Select from the data all lines with the word "Definition".

Entries shown START

Lemma sqnormD_orth x y : hip x y = 0 -> sqnorm (x + y) = sqnorm x + sqnorm y.
Proof.
move=> xy0; apply: (@complexI R); rewrite rmorphD /= -!hip_sqnorm.
by rewrite hipDl !hipDr xy0 (hip_eq0C xy0) addr0 add0r.
Qed.

Lemma sqnormD_le x y : sqnorm (x + y) <= 2 * (sqnorm x + sqnorm y).
Proof.
have : hip (x + y) (x + y) + hip (x - y) (x - y) = 2%:R * (hip x x + hip y y).
  by rewrite !hipDl !hipDr !hipNl !hipNr; ring.
rewrite !hip_sqnorm -!rmorphD -(rmorph_nat (real_complex R)) -rmorphM => /complexI.
by have := sqnorm_ge0 (x - y); lra.
Qed.

Lemma hip_CauchySchwarz x y :
  complex.Re (hip x y * (hip x y)^*%C) <= sqnorm x * sqnorm y.
Proof.
set c := hip x y; have c_ge0 := ge0_Re (mulcJ_ge0 c).
have [y0|y_neq0] := eqVneq (sqnorm y) 0.
  by rewrite y0 mulr0 /c (sqnorm_eq0 y0) hip0r mul0r.
have y_gt0 : 0 < sqnorm y by rewrite lt_def y_neq0 sqnorm_ge0.
have := hip_ge0 (hip y y *: x - c *: y).
have -> : hip (hip y y *: x - c *: y) (hip y y *: x - c *: y) =
          hip y y * (hip y y * hip x x - c * c^*%C).
  have yyJ : (hip y y)^*%C = hip y y by rewrite -hip_sym.
  by rewrite !hipBl !hipBr !hipZl !hipZr yyJ -/c (hip_sym x y) -/c; ring.
rewrite {1}(ge0_complexE (mulcJ_ge0 c)) !hip_sqnorm -!rmorphM -rmorphB -rmorphM.
by rewrite lecR pmulr_rge0 // subr_ge0 [sqnorm y * _]mulrC.
Qed.

End InnerProduct.

Section Convergence.
Variables (R : realType) (H : hilbert R).
Implicit Types (x y v : H) (u : nat -> H).

Lemma hnorm_ltE x (r : R) : 0 < r -> (hnorm x < r%:C%C) = (sqnorm x < r ^+ 2).
Proof.
move=> r_gt0; have -> : r%:C%C = sqrtC ((r ^+ 2)%:C%C) :> R[i].
  by rewrite rmorphXn /= sqrCK // ler0c ltW.
rewrite /hnorm hip_sqnorm ltr_sqrtC ?nnegrE ?ler0c ?sqnorm_ge0 ?exprn_ge0 ?ltW //.
by rewrite ltcR.
Qed.

Lemma hnorm_lt_sqrtE x (r : R) : 0 < r -> (hnorm x < (Num.sqrt r)%:C%C) = (sqnorm x < r).
Proof. by move=> r_gt0; rewrite hnorm_ltE ?sqrtr_gt0 // sqr_sqrtr ?ltW. Qed.

Lemma sqrt_complex_gt0 (r : R) : 0 < r -> 0 < (Num.sqrt r)%:C%C :> R[i].
Proof. by move=> r_gt0; rewrite ltcR sqrtr_gt0. Qed.

Definition hlim u l := forall e : R[i], 0 < e ->
  exists N, forall n, (N <= n)%N -> hnorm (u n - l) < e.

Lemma hlim_sqnorm u l : hlim u l ->
  forall r : R, 0 < r -> exists N, forall n, (N <= n)%N -> sqnorm (u n - l) < r.
Proof.
move=> ul r r_gt0; have [N closeN] := ul _ (sqrt_complex_gt0 r_gt0).
by exists N => n leNn; rewrite -hnorm_lt_sqrtE ?closeN.
Qed.

Lemma hilbert_complete u :
  (forall r : R, 0 < r -> exists N, forall m n, (N <= m)%N -> (N <= n)%N ->
     sqnorm (u m - u n) < r) -> exists l, hlim u l.
Proof.
move=> cauchy; apply: hip_complete => _ /gt0_complexE[r r_gt0 ->].
have [N closeN] := cauchy _ (exprn_gt0 2 r_gt0).
by exists N => m n leNm leNn; rewrite hnorm_ltE ?closeN.
Qed.

Lemma hilbert_complete_inv u :
  (forall m n, sqnorm (u m - u n) < 2 * (inv_succ R m + inv_succ R n)) ->
  exists l, hlim u l.
Proof.
move=> bound; apply: hilbert_complete => r r_gt0.
have r4_gt0 : 0 < r / 4%:R by rewrite divr_gt0.
have [N small] := inv_succ_small r4_gt0.
exists N => m n leNm leNn.
by have := bound m n; have := small _ leNm; have := small _ leNn; lra.
Qed.

Lemma hip_eq0_closed x v :
  (forall eps : R, 0 < eps -> exists2 y, hip y v = 0 & sqnorm (x - y) < eps) ->
  hip x v = 0.
Proof.
move=> approx; apply: mulcJ_Re_eq0.
apply: (ge0_eq0_le_mul (ge0_Re (mulcJ_ge0 _)) (sqnorm_ge0 v)) => eps eps_gt0.
have [y yv0 close_xy] := approx _ eps_gt0.
have -> : hip x v = hip (x - y) v by rewrite hipBl yv0 subr0.
apply: le_trans (hip_CauchySchwarz _ _) _.
by rewrite ler_wpM2r ?sqnorm_ge0 ?ltW.
Qed.

End Convergence.

Section OrthogonalDecomposition.
Variables (R : realType) (H : hilbert R) (A : bool -> H -> Prop).
Implicit Types (x y z v : H) (c : bool).

Inductive span c : H -> Prop :=
| span0 : span c 0
| span_step a u v : A c u -> span c v -> span c (a *: u + v).

(* Under the hypotheses below, [orthc c], the orthogonal complement of [A (~~ c)],
   is the closed span of [A c]. *)
Definition orthc c x := forall v, A (~~ c) v -> hip x v = 0.

Lemma orthc0 c : orthc c 0.
Proof. by move=> v _; rewrite hip0l. Qed.

Lemma orthcZD c a x y : orthc c x -> orthc c y -> orthc c (a *: x + y).
Proof. by move=> xc yc v Av; rewrite hip_linl xc // yc // mulr0 addr0. Qed.

Lemma spanZD c a x y : span c x -> span c y -> span c (a *: x + y).
Proof.
move=> sx sy; elim: sx => [|b u v Au _ IH]; first by rewrite scaler0 add0r.
by rewrite scalerDr scalerA -addrA; apply: span_step.
Qed.

Lemma spanB c x y : span c x -> span c y -> span c (x - y).
Proof. by move=> sx sy; rewrite addrC -scaleN1r; apply: spanZD. Qed.

Lemma orthc_span c x b : orthc c x -> span (~~ c) b -> hip x b = 0.
Proof.
move=> xc; elim=> [|a u v Au _ IH]; first by rewrite hip0r.
by rewrite hipDr hipZr xc // IH mulr0 addr0.
Qed.

Lemma orthc_closed c u l : (forall n, orthc c (u n)) -> hlim u l -> orthc c l.
Proof.
move=> uc ul v Av; apply: hip_eq0_closed => eps eps_gt0.
have [N closeN] := hlim_sqnorm ul eps_gt0.
by exists (u N); [exact: uc | rewrite -sqnormN opprB closeN].
Qed.

Hypothesis A_orth : forall c u v, A c u -> A (~~ c) v -> hip u v = 0.

Lemma span_orthc c x : span c x -> orthc c x.
Proof.
elim=> [|a u v Au _ IH]; first exact: orthc0.
by apply: orthcZD IH => w Aw; apply: A_orth Au Aw.
Qed.

Hypothesis span_dense : forall z (r : R), 0 < r ->
  exists a b, [/\ span false a, span true b & sqnorm (z - (a + b)) < r].

(* The approximant of [x] in the other class is orthogonal to [x], so it can only
   increase the error. *)
Lemma span_approx c x (r : R) : orthc c x -> 0 < r ->
  exists2 a, span c a & sqnorm (x - a) < r.
Proof.
move=> xc r_gt0; have [a0 [b0 [sa0 sb0 close]]] := span_dense x r_gt0.
have [a [b [sa sb eq_ab]]] : exists a b, [/\ span c a, span (~~ c) b & a0 + b0 = a + b].
  by clear xc; case: c; [exists b0, a0; rewrite addrC | exists a0, b0].
have ab_orth : hip (x - a) (- b) = 0.
  by rewrite hipNr hipBl (orthc_span xc sb) (orthc_span (span_orthc sa) sb) subrr oppr0.
exists a => //; move: close; rewrite eq_ab opprD addrA (sqnormD_orth ab_orth) sqnormN.
by have := sqnorm_ge0 b; lra.
Qed.

Lemma orthc_orth x y : orthc false x -> orthc true y -> hip x y = 0.
Proof.
move=> xc yc; apply: hip_eq0C; apply: hip_eq0_closed => eps eps_gt0.
have [b sb close] := span_approx yc eps_gt0.
by exists b => //; apply/hip_eq0C/(orthc_span xc).
Qed.

Lemma orthc_decomp z : exists x y, [/\ orthc false x, orthc true y & x + y = z].
Proof.
have /boolp.choice[ab approx] : forall n, exists p : H * H,
    [/\ span false p.1, span true p.2 & sqnorm (z - (p.1 + p.2)) < inv_succ R n].
  move=> n; have [a [b [sa sb close]]] := span_dense z (inv_succ_gt0 R n).
  by exists (a, b).
pose a n := (ab n).1; pose b n := (ab n).2.
have bound_ab m n :
    sqnorm (a m - a n) + sqnorm (b m - b n) < 2 * (inv_succ R m + inv_succ R n).
  have [sam sbm closem] := approx m; have [san sbn closen] := approx n.
  rewrite -sqnormD_orth; last exact: orthc_span (span_orthc (spanB sam san)) (spanB sbm sbn).
  have -> : a m - a n + (b m - b n) = (z - (a n + b n)) - (z - (a m + b m)).
    by rewrite [in RHS]opprB [in RHS]addrC [in RHS]addrA subrK opprD addrACA.
  by have := sqnormD_le (z - (a n + b n)) (- (z - (a m + b m))); rewrite sqnormN; lra.
have [x ax] : exists x, hlim a x.
  apply: hilbert_complete_inv => m n.
  by have := bound_ab m n; have := sqnorm_ge0 (b m - b n); lra.
have [y bx] : exists y, hlim b y.
  apply: hilbert_complete_inv => m n.
  by have := bound_ab m n; have := sqnorm_ge0 (a m - a n); lra.
exists x, y; split.
- by apply: orthc_closed ax => n; case: (approx n) => /span_orthc.
- by apply: orthc_closed bx => n; case: (approx n) => _ /span_orthc.
apply/esym/eqP; rewrite -subr_eq0; apply/eqP/sqnorm_eq0.
apply: (ge0_eq0_le_mul (sqnorm_ge0 _) ler01) => eps eps_gt0.
have eps10_gt0 : 0 < eps / 10%:R by rewrite divr_gt0.
have [N1 small1] := inv_succ_small eps10_gt0.
have [N2 small2] := hlim_sqnorm ax eps10_gt0.
have [N3 small3] := hlim_sqnorm bx eps10_gt0.
pose n := (N1 + N2 + N3)%N; have [_ _ closen] := approx n.
have -> : z - (x + y) = (z - (a n + b n)) + ((a n - x) + (b n - y)).
  by rewrite [(a n - x) + _]addrACA -opprD addrA subrK.
have := sqnormD_le (z - (a n + b n)) (a n - x + (b n - y)).
have := sqnormD_le (a n - x) (b n - y).
have := small1 n (leq_trans (leq_addr N2 N1) (leq_addr N3 _)).
have := small2 n (leq_trans (leq_addl N1 N2) (leq_addr N3 _)).
have := small3 n (leq_addl _ N3).
lra.
Qed.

Entries shown END

**Answer for this exercise**
Definition hlim u l := forall e : R[i], 0 < e ->
Definition orthc c x := forall v, A (~~ c) v -> hip x v = 0.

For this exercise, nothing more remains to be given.